- **ABOUT THIS TASK**
Show me every line in the listing that has the word "exact".

- **RECORDS SHOWN**

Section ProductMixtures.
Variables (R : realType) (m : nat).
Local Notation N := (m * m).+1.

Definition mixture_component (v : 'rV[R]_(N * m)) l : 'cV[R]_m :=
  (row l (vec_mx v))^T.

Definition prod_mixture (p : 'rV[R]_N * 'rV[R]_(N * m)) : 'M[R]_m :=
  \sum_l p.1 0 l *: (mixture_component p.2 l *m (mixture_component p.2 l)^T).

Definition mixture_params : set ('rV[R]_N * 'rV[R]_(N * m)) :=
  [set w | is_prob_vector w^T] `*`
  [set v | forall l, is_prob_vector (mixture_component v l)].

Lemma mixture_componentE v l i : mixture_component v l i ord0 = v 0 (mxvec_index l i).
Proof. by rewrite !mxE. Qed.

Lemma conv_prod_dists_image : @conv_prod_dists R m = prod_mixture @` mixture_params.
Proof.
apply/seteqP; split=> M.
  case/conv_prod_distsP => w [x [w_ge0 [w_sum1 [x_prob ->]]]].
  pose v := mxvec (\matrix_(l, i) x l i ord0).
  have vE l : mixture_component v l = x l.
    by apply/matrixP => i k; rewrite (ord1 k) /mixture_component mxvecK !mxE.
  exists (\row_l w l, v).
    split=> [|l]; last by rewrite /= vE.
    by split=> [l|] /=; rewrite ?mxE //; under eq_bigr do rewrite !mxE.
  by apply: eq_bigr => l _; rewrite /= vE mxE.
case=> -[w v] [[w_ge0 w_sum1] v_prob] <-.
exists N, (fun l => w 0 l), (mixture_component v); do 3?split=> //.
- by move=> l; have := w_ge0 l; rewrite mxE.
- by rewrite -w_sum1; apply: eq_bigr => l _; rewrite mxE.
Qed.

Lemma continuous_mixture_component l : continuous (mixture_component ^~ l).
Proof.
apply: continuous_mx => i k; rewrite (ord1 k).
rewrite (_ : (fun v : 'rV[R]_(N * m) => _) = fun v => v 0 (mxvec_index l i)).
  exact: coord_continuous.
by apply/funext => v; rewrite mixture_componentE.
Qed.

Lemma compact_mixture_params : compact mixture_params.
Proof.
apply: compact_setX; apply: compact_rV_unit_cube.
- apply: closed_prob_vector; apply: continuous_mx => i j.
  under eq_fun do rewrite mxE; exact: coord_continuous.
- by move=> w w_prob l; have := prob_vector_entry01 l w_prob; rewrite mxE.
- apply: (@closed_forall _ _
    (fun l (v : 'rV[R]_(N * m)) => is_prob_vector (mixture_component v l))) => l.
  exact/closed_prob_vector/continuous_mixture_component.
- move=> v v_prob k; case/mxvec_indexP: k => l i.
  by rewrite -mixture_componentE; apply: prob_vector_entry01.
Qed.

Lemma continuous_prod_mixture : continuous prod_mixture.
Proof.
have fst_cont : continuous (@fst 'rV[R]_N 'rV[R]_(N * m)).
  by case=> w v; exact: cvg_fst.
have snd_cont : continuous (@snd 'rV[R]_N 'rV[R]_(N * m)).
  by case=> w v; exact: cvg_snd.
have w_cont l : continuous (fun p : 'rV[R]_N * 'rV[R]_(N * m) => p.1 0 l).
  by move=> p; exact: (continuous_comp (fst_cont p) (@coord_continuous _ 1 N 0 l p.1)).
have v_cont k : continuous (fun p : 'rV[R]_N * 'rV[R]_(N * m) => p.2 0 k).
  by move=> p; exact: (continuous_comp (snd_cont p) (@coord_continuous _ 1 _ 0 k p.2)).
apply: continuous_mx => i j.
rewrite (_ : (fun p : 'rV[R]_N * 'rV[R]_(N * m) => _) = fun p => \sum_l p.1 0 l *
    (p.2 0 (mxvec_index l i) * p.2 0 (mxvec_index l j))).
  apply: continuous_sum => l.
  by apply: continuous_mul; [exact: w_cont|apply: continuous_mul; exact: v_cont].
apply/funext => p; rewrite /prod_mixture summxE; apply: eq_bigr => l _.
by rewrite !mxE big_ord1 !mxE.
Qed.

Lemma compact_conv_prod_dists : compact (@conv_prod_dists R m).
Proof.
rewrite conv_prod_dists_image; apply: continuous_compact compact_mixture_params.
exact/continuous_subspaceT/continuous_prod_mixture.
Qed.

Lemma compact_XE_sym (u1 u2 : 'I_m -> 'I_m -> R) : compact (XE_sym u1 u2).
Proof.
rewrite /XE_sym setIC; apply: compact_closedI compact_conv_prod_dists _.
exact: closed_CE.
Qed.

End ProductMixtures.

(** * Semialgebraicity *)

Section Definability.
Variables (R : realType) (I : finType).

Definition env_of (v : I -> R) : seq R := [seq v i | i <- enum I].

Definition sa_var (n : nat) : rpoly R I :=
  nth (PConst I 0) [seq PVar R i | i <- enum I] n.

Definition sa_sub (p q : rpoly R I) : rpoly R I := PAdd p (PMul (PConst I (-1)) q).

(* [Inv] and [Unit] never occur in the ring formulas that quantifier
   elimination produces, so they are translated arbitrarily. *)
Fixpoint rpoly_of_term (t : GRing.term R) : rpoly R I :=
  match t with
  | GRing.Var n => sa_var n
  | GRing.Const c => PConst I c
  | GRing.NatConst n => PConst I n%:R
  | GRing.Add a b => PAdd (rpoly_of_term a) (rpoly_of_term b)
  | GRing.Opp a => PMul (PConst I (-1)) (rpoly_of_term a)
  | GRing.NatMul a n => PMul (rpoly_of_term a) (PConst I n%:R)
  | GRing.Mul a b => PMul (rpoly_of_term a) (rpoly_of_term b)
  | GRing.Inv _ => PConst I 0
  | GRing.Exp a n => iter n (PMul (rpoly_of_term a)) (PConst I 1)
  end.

- **SOLUTION**
  exact: coord_continuous.
  under eq_fun do rewrite mxE; exact: coord_continuous.
  exact/closed_prob_vector/continuous_mixture_component.
  by case=> w v; exact: cvg_fst.
  by case=> w v; exact: cvg_snd.
  by move=> p; exact: (continuous_comp (fst_cont p) (@coord_continuous _ 1 N 0 l p.1)).
  by move=> p; exact: (continuous_comp (snd_cont p) (@coord_continuous _ 1 _ 0 k p.2)).
  by apply: continuous_mul; [exact: w_cont|apply: continuous_mul; exact: v_cont].
exact/continuous_subspaceT/continuous_prod_mixture.
exact: closed_CE.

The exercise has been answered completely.